• **DATASET RECORDS**
(* For $\mathbf{x}=(x_0,x_1,x_2),\ \mathbf{y}=(y_0,y_1,y_2)\in\mathbb{R}^3$ let $\langle\mathbf{x},\mathbf{y}\rangle:=x_0y_0-x_1y_1-x_2y_2$. For parameters $\alpha,\beta$ set $q=\alpha-\beta$ and define $$\hat k(\mathbf{x},\mathbf{y},q)=\frac{\langle\mathbf{x},\mathbf{x}\rangle-\langle\mathbf{y},\mathbf{y}\rangle+q^2}{\langle\mathbf{x}+\mathbf{y},\mathbf{x}+\mathbf{y}\rangle+q^2},\qquad \hat{\mathbf{r}}(\mathbf{x},\mathbf{y},q)=\frac{(x_1y_2-x_2y_1,\ x_0y_2-x_2y_0,\ x_1y_0-x_0y_1)}{\langle\mathbf{x}+\mathbf{y},\mathbf{x}+\mathbf{y}\rangle+q^2}.$$ Define $\hat{\mathbf{R}}_{\alpha,\beta}:(\mathbf{x},\mathbf{y})\mapsto(\mathbf{u},\mathbf{v})$ by $$\mathbf{u}=\hat k(\mathbf{x},\mathbf{y},q)\,\mathbf{x}+\big(1-\hat k(\mathbf{y},\mathbf{x},q)\big)\mathbf{y}+2q\,\hat{\mathbf{r}}(\mathbf{x},\mathbf{y},q),$$ $$\mathbf{v}=\big(1-\hat k(\mathbf{x},\mathbf{y},q)\big)\mathbf{x}+\hat k(\mathbf{y},\mathbf{x},q)\,\mathbf{y}-2q\,\hat{\mathbf{r}}(\mathbf{x},\mathbf{y},q).$$ Then $\hat{\mathbf{R}}_{\alpha,\beta}$ is a parametric quadrirational Yang--Baxter map which satisfies the invariant conditions $$\mathbf{u}+\mathbf{v}=\mathbf{x}+\mathbf{y},\quad \langle\mathbf{u},\mathbf{u}\rangle=\langle\mathbf{x},\mathbf{x}\rangle,\quad \langle\mathbf{v},\mathbf{v}\rangle=\langle\mathbf{y},\mathbf{y}\rangle,$$ and admits a Lax representation $\mathbf{L}(\mathbf{u},\alpha,\zeta)\mathbf{L}(\mathbf{v},\beta,\zeta)=\mathbf{L}(\mathbf{y},\beta,\zeta)\mathbf{L}(\mathbf{x},\alpha,\zeta)$ with Lax matrix $$\mathbf{L}(\mathbf{x},\alpha,\zeta)=\begin{pmatrix}\zeta+i(x_2-\alpha) & x_0+x_1\\ x_0-x_1 & \zeta-i(x_2+\alpha)\end{pmatrix}.$$
   Context: A parametric Yang--Baxter map is a family of maps $R_{\alpha,\beta}:\mathcal{X}\times\mathcal{X}\to\mathcal{X}\times\mathcal{X}$, $R_{\alpha,\beta}(x,y)=(u(x,\alpha,y,\beta),v(x,\alpha,y,\beta))$, such that the map $((x,\alpha),(y,\beta))\mapsto((u,\alpha),(v,\beta))$ on $(\mathcal{X}\times\mathcal{I})^2$ satisfies the set-theoretical Yang--Baxter equation $R_{23}\circ R_{13}\circ R_{12}=R_{12}\circ R_{13}\circ R_{23}$, where $R_{ij}$ denotes the action of the map on the $i$-th and $j$-th factors of a triple product (e.g. $R_{13}(x,y,z)=(u(x,z),y,v(x,z))$). Equivalently, $R^{23}_{\beta,\gamma}\circ R^{13}_{\alpha,\gamma}\circ R^{12}_{\alpha,\beta}=R^{12}_{\alpha,\beta}\circ R^{13}_{\alpha,\gamma}\circ R^{23}_{\beta,\gamma}$. It is quadrirational if for fixed $y$ and fixed $x$ the maps $u(\cdot,y)$ and $v(x,\cdot)$ are birational isomorphisms of $\mathcal{X}$. Here $\mathcal{X}=\mathbb{R}^3$ and maps are understood generically, where defined; $i=\sqrt{-1}$ and $\zeta\in\mathbb{C}$ is a spectral parameter. *)

From HB Require Import structures.
From mathcomp Require Import all_boot all_order all_algebra.
From mathcomp Require Import complex.
From mathcomp Require Import mpoly.
Set Implicit Arguments. Unset Strict Implicit. Unset Printing Implicit Defensive.
Import Order.TTheory GRing.Theory Num.Theory.
Local Open Scope ring_scope.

• **TASK DIRECTIONS**
Everything from the line containing "From mathcomp Require Import mpoly." through the final line above must be copied exactly, with both ends kept.

• **OUTPUT BELOW**
From mathcomp Require Import mpoly.
Set Implicit Arguments. Unset Strict Implicit. Unset Printing Implicit Defensive.
Import Order.TTheory GRing.Theory Num.Theory.
Local Open Scope ring_scope.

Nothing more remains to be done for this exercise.